START Supplied data

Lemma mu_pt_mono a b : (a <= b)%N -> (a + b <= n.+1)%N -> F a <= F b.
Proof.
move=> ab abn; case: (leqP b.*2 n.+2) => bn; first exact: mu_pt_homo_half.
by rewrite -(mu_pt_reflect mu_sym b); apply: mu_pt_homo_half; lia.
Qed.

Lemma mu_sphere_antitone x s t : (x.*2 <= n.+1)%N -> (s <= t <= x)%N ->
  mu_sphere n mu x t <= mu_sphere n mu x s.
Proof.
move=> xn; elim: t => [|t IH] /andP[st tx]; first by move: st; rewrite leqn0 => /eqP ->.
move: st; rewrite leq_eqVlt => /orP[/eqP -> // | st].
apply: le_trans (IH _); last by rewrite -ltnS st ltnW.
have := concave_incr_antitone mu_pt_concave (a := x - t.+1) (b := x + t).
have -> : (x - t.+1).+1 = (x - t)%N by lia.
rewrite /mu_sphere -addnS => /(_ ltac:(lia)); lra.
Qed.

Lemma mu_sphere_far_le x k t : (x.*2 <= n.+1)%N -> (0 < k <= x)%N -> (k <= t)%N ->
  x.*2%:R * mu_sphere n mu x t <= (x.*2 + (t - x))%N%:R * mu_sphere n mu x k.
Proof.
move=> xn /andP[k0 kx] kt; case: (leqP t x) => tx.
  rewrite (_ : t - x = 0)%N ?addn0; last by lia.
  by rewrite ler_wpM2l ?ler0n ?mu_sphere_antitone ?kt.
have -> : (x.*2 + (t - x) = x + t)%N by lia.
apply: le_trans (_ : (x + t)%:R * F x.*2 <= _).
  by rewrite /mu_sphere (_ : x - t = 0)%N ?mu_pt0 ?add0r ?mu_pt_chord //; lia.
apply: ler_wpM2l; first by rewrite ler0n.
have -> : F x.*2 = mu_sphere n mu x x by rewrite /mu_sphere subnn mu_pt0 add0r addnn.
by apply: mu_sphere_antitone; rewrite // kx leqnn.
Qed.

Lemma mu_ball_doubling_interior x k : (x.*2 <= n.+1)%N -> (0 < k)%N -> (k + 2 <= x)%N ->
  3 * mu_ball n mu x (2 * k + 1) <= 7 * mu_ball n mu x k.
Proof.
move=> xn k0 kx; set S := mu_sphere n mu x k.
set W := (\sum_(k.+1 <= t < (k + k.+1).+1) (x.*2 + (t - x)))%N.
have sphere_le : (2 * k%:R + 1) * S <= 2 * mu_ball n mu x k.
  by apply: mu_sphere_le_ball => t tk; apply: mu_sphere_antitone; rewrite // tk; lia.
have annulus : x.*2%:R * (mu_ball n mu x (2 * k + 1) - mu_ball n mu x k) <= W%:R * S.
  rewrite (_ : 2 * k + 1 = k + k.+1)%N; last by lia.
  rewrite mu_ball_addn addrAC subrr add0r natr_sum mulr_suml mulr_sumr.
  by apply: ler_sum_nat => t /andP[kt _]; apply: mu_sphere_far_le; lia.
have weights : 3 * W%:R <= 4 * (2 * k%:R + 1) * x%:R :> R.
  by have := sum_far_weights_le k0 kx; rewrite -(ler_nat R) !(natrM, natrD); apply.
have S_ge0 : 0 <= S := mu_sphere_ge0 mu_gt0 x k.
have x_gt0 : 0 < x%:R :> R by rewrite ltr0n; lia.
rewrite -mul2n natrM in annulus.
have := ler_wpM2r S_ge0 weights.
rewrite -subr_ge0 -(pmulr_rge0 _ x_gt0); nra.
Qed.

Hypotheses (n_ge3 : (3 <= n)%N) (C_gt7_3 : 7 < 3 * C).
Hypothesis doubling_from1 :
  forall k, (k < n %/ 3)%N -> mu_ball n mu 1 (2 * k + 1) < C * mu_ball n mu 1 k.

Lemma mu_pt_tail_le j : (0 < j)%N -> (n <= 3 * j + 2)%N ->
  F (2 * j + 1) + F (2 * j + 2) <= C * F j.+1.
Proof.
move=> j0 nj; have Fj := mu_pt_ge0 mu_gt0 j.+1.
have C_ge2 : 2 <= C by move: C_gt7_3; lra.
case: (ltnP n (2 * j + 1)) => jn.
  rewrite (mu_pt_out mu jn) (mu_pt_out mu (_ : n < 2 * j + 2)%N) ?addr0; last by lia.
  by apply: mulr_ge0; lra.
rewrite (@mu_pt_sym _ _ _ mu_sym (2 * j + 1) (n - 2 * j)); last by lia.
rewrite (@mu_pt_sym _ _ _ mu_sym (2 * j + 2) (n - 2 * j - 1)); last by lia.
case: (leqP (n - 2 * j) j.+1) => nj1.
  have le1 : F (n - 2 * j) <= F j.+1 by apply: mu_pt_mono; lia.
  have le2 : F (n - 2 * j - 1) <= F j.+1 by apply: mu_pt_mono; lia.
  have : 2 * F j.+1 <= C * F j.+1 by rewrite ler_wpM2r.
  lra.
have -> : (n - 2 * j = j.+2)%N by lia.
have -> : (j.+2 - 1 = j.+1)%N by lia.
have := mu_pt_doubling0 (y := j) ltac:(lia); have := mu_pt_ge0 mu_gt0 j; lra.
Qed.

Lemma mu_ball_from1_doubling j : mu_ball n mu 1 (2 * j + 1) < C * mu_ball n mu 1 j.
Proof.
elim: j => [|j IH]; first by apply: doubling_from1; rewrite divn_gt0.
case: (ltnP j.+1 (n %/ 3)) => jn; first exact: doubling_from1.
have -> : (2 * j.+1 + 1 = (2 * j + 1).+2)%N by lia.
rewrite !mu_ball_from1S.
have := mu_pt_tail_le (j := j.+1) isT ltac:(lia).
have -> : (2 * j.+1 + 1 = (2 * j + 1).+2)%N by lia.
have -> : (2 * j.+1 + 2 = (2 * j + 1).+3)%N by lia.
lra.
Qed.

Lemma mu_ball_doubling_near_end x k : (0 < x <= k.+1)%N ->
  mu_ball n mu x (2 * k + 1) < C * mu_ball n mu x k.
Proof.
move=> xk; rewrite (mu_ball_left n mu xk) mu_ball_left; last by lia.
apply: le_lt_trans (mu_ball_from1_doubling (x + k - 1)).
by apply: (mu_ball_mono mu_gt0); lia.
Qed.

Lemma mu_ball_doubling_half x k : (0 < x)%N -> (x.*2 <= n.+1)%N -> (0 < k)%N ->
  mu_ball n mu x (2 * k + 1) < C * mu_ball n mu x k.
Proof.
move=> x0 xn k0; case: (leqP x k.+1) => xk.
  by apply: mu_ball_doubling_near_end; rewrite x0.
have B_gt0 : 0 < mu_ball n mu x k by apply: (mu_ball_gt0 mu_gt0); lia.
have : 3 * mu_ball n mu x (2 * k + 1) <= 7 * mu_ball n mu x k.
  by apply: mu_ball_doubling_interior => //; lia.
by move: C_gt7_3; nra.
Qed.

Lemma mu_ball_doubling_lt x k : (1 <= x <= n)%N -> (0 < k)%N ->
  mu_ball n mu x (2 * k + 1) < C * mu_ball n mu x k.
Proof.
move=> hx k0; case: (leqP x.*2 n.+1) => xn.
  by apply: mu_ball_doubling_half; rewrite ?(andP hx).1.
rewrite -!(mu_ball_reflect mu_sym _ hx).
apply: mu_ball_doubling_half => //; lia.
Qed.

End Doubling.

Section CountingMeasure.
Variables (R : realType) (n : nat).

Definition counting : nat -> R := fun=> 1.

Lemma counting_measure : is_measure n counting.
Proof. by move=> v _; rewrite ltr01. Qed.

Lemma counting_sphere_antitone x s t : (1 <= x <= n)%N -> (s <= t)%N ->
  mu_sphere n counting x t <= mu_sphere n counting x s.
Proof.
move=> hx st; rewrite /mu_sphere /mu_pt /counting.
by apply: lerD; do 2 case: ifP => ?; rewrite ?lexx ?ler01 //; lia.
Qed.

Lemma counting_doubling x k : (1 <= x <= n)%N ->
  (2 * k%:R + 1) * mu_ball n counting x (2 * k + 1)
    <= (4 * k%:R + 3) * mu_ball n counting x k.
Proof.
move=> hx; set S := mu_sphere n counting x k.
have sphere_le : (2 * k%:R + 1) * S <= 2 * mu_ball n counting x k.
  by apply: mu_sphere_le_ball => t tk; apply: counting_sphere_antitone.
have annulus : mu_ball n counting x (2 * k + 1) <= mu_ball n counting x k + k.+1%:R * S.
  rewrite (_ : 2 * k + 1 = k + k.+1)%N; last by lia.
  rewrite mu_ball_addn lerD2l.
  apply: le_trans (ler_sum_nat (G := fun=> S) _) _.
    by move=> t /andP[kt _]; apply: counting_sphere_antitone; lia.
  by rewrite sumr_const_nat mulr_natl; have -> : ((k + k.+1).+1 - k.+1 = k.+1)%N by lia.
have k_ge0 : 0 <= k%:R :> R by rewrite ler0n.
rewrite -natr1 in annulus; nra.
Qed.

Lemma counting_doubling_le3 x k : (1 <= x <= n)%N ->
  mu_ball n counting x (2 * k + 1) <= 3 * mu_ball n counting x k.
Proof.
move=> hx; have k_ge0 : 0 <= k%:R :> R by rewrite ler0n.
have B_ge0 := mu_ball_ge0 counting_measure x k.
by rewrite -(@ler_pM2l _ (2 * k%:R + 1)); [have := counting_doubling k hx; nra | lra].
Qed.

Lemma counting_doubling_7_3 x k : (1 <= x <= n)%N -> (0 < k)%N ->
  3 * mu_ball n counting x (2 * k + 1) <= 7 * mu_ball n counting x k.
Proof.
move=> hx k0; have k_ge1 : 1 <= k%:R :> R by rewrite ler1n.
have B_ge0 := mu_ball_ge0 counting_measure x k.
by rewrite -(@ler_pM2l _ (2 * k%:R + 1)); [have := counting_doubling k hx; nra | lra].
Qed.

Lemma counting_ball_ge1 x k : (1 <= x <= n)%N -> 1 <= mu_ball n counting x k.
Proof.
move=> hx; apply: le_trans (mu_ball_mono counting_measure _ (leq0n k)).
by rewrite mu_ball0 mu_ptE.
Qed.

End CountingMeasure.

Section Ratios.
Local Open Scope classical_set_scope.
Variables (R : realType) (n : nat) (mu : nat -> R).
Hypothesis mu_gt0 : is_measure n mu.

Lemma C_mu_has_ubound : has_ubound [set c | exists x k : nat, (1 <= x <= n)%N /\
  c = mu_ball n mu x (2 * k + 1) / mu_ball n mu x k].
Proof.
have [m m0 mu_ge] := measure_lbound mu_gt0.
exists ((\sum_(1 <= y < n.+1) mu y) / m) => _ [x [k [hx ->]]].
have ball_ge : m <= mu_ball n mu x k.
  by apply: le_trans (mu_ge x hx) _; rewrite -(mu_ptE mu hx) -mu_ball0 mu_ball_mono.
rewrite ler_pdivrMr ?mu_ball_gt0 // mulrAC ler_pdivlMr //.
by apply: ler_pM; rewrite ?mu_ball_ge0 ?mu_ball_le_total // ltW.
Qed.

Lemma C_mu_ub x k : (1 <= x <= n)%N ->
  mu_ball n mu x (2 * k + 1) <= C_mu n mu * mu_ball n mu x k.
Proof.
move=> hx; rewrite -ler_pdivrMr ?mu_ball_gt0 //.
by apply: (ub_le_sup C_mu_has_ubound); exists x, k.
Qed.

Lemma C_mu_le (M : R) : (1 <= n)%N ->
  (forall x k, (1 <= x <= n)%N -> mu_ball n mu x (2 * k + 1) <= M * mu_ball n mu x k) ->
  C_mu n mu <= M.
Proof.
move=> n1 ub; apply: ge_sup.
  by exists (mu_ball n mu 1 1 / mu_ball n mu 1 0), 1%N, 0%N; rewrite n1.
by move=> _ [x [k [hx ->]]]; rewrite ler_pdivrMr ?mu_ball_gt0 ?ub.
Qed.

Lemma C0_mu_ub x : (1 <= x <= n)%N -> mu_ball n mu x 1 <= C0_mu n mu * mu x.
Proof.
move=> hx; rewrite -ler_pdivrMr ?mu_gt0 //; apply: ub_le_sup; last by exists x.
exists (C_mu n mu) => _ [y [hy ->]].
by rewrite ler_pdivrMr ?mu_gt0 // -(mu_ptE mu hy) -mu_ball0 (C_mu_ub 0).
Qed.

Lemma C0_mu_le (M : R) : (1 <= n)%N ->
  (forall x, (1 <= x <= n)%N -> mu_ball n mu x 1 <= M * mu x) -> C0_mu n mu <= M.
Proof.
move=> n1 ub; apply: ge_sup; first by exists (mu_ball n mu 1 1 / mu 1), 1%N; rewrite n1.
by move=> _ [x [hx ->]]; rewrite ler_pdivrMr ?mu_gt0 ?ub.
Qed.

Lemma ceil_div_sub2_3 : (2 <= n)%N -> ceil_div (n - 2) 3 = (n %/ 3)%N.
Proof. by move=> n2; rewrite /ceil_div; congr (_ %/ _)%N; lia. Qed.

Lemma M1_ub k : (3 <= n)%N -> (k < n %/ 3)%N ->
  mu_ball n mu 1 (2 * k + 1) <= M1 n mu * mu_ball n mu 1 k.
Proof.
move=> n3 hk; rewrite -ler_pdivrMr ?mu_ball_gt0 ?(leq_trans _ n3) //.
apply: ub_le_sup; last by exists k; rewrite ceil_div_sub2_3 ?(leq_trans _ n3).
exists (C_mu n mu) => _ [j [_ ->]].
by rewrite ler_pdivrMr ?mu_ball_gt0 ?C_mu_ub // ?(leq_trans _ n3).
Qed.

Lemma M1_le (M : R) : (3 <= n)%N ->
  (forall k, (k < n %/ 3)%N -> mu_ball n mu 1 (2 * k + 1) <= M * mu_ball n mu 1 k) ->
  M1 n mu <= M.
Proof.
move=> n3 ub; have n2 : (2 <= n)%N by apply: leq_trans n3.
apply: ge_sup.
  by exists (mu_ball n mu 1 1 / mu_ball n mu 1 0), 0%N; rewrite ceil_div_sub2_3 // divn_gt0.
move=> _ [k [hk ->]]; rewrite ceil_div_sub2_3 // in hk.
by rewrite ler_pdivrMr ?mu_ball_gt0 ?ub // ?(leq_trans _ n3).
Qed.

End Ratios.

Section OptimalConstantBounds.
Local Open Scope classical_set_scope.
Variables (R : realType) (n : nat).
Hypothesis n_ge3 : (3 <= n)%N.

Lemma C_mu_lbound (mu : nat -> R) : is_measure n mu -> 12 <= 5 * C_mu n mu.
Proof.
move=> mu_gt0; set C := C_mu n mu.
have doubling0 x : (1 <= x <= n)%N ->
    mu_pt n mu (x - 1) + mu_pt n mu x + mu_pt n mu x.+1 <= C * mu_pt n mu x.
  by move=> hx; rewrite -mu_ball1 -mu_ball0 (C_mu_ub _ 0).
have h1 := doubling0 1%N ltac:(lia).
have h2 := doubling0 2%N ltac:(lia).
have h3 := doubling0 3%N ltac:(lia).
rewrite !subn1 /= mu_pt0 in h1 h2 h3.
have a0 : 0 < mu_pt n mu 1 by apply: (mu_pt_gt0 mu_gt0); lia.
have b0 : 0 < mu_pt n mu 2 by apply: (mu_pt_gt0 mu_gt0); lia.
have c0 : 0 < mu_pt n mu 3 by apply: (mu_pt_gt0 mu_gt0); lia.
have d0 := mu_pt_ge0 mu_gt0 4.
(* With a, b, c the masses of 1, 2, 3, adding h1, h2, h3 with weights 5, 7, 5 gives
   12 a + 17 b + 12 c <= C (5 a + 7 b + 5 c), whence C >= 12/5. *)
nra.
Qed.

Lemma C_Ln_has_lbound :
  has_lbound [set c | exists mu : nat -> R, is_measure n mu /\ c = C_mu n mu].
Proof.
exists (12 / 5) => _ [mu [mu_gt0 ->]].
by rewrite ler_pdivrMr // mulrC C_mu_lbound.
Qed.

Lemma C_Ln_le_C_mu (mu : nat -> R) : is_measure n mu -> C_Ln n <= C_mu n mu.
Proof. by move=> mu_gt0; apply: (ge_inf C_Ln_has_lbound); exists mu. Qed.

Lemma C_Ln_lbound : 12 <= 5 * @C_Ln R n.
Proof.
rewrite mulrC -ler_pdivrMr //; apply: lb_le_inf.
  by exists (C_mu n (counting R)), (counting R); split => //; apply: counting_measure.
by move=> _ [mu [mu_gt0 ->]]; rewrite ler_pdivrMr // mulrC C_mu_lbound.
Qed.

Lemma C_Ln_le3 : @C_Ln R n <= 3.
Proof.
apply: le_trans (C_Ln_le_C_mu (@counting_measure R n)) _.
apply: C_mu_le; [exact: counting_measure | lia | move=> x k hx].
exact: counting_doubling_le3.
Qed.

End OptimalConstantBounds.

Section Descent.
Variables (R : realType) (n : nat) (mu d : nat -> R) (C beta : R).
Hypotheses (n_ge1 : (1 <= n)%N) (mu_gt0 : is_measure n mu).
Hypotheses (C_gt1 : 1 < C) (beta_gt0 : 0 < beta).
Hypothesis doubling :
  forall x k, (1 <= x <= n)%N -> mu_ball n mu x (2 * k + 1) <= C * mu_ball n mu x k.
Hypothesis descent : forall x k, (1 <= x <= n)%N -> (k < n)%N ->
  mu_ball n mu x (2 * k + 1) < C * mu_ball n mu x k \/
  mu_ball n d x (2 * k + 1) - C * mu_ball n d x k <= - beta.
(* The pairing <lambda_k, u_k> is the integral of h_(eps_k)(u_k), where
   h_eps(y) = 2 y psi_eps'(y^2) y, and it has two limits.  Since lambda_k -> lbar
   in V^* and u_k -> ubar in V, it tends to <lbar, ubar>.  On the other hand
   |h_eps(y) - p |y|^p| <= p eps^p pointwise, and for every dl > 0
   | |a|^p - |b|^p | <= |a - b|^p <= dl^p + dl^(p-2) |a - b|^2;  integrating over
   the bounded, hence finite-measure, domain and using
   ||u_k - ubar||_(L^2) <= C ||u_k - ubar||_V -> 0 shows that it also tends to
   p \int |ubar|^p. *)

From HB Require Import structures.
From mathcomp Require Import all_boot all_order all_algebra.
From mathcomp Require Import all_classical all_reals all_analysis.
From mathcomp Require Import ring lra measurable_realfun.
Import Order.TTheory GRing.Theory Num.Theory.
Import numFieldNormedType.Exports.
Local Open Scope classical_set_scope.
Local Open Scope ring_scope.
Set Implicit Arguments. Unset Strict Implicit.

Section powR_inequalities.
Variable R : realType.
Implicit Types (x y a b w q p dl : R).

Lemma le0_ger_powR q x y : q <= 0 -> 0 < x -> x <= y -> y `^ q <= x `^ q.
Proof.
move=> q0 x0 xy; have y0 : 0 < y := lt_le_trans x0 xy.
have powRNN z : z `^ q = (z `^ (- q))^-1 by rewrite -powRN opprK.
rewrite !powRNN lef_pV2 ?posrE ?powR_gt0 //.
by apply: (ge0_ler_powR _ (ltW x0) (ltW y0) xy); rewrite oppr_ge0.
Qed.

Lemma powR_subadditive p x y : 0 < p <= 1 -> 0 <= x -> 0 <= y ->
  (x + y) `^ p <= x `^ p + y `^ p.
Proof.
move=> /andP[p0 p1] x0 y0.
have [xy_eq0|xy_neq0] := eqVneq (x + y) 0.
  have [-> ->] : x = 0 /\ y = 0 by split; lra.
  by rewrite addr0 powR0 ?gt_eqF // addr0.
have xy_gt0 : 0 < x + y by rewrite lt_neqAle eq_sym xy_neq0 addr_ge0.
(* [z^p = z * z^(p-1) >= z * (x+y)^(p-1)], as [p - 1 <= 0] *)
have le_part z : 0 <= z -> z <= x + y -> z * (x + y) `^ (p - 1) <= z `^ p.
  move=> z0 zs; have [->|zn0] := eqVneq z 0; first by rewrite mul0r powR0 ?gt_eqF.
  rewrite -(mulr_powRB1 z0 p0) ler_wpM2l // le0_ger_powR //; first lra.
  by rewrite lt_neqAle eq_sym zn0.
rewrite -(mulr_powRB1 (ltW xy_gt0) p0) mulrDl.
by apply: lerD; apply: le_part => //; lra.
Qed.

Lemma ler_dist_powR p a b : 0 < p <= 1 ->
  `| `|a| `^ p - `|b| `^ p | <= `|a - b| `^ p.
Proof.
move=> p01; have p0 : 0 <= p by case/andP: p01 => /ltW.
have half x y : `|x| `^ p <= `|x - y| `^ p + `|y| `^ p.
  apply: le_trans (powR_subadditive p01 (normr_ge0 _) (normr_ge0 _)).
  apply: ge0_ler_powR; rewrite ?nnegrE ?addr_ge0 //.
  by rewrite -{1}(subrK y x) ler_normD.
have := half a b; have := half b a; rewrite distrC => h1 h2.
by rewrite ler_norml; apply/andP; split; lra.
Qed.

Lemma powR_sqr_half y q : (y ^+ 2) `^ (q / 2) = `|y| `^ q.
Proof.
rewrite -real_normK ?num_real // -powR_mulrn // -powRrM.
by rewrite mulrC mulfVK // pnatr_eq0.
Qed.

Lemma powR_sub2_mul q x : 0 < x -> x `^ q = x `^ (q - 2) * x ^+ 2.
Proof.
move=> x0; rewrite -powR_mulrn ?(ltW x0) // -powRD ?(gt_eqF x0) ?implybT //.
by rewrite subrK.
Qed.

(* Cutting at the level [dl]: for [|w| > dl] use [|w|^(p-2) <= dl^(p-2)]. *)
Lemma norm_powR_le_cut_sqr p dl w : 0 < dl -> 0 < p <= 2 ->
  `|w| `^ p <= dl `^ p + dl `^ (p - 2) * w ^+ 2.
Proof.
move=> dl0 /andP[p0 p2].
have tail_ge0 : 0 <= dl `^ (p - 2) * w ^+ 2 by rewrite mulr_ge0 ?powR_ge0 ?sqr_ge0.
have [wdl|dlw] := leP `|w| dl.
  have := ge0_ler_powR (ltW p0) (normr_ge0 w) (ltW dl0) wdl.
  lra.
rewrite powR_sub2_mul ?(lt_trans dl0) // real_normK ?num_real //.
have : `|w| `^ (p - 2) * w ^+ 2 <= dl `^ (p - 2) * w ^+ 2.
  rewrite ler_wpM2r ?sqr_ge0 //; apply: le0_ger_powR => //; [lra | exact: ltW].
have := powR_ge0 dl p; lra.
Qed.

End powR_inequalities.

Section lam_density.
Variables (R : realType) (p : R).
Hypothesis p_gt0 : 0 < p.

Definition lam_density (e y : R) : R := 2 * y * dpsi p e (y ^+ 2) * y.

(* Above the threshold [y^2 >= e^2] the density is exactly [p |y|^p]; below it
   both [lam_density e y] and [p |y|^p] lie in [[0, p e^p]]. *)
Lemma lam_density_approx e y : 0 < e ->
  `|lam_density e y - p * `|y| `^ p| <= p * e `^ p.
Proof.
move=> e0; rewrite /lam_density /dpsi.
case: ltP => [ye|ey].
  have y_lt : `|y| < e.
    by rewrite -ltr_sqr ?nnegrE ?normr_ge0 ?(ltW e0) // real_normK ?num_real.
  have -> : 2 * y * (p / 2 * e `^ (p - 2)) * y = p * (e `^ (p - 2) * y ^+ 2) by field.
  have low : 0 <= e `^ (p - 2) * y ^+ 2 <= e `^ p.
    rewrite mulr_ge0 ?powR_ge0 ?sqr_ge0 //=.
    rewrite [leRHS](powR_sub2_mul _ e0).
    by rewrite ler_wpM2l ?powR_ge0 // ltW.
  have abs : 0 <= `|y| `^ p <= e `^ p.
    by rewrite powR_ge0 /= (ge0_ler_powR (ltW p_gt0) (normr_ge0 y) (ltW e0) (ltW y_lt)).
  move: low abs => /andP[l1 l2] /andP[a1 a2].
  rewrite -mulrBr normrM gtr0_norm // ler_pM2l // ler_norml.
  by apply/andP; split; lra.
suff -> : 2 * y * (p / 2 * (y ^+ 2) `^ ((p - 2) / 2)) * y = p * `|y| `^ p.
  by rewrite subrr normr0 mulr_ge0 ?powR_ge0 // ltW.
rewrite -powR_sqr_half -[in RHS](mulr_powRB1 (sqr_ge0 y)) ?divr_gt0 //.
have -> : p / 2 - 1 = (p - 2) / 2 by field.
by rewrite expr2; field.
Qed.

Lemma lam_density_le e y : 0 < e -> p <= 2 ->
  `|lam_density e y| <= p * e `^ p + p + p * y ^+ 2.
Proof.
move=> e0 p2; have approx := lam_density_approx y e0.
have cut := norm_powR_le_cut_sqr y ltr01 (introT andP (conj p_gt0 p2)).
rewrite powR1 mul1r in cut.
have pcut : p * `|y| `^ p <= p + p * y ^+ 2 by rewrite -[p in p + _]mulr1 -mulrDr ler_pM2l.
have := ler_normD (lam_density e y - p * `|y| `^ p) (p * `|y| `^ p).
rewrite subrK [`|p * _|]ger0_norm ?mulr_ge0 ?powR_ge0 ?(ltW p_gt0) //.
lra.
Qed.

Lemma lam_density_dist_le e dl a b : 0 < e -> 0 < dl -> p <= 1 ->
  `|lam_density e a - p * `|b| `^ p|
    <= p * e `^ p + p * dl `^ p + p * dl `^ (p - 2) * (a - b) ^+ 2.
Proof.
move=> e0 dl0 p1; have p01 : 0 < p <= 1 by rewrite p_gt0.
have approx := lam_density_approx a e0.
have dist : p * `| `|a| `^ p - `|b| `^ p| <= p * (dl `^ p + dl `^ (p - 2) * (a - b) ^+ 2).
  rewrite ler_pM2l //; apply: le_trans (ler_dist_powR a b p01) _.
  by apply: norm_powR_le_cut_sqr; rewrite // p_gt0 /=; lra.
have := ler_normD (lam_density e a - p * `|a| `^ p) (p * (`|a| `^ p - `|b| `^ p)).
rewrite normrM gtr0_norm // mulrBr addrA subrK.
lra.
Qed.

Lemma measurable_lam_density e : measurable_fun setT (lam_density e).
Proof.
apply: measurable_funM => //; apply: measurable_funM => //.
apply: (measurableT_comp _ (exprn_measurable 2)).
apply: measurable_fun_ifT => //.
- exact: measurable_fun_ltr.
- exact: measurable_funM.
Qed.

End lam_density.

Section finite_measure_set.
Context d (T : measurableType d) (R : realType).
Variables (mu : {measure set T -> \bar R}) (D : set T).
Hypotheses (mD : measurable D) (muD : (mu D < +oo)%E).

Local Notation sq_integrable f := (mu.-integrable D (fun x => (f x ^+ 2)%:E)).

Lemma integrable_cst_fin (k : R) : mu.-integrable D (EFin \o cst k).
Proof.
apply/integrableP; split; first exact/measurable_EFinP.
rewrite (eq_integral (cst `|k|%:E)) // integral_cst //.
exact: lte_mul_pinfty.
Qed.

END Supplied data

**What is expected:** Above are records; repeat only the lines starting at the line with "Lemma mu_ball_doubling_half x" and ending at the line with "rewrite -!(mu_ball_reflect mu_sym _ hx).", exactly as they appear, both included.

**Problem solution:**
Lemma mu_ball_doubling_half x k : (0 < x)%N -> (x.*2 <= n.+1)%N -> (0 < k)%N ->
  mu_ball n mu x (2 * k + 1) < C * mu_ball n mu x k.
Proof.
move=> x0 xn k0; case: (leqP x k.+1) => xk.
  by apply: mu_ball_doubling_near_end; rewrite x0.
have B_gt0 : 0 < mu_ball n mu x k by apply: (mu_ball_gt0 mu_gt0); lia.
have : 3 * mu_ball n mu x (2 * k + 1) <= 7 * mu_ball n mu x k.
  by apply: mu_ball_doubling_interior => //; lia.
by move: C_gt7_3; nra.
Qed.

Lemma mu_ball_doubling_lt x k : (1 <= x <= n)%N -> (0 < k)%N ->
  mu_ball n mu x (2 * k + 1) < C * mu_ball n mu x k.
Proof.
move=> hx k0; case: (leqP x.*2 n.+1) => xn.
  by apply: mu_ball_doubling_half; rewrite ?(andP hx).1.
rewrite -!(mu_ball_reflect mu_sym _ hx).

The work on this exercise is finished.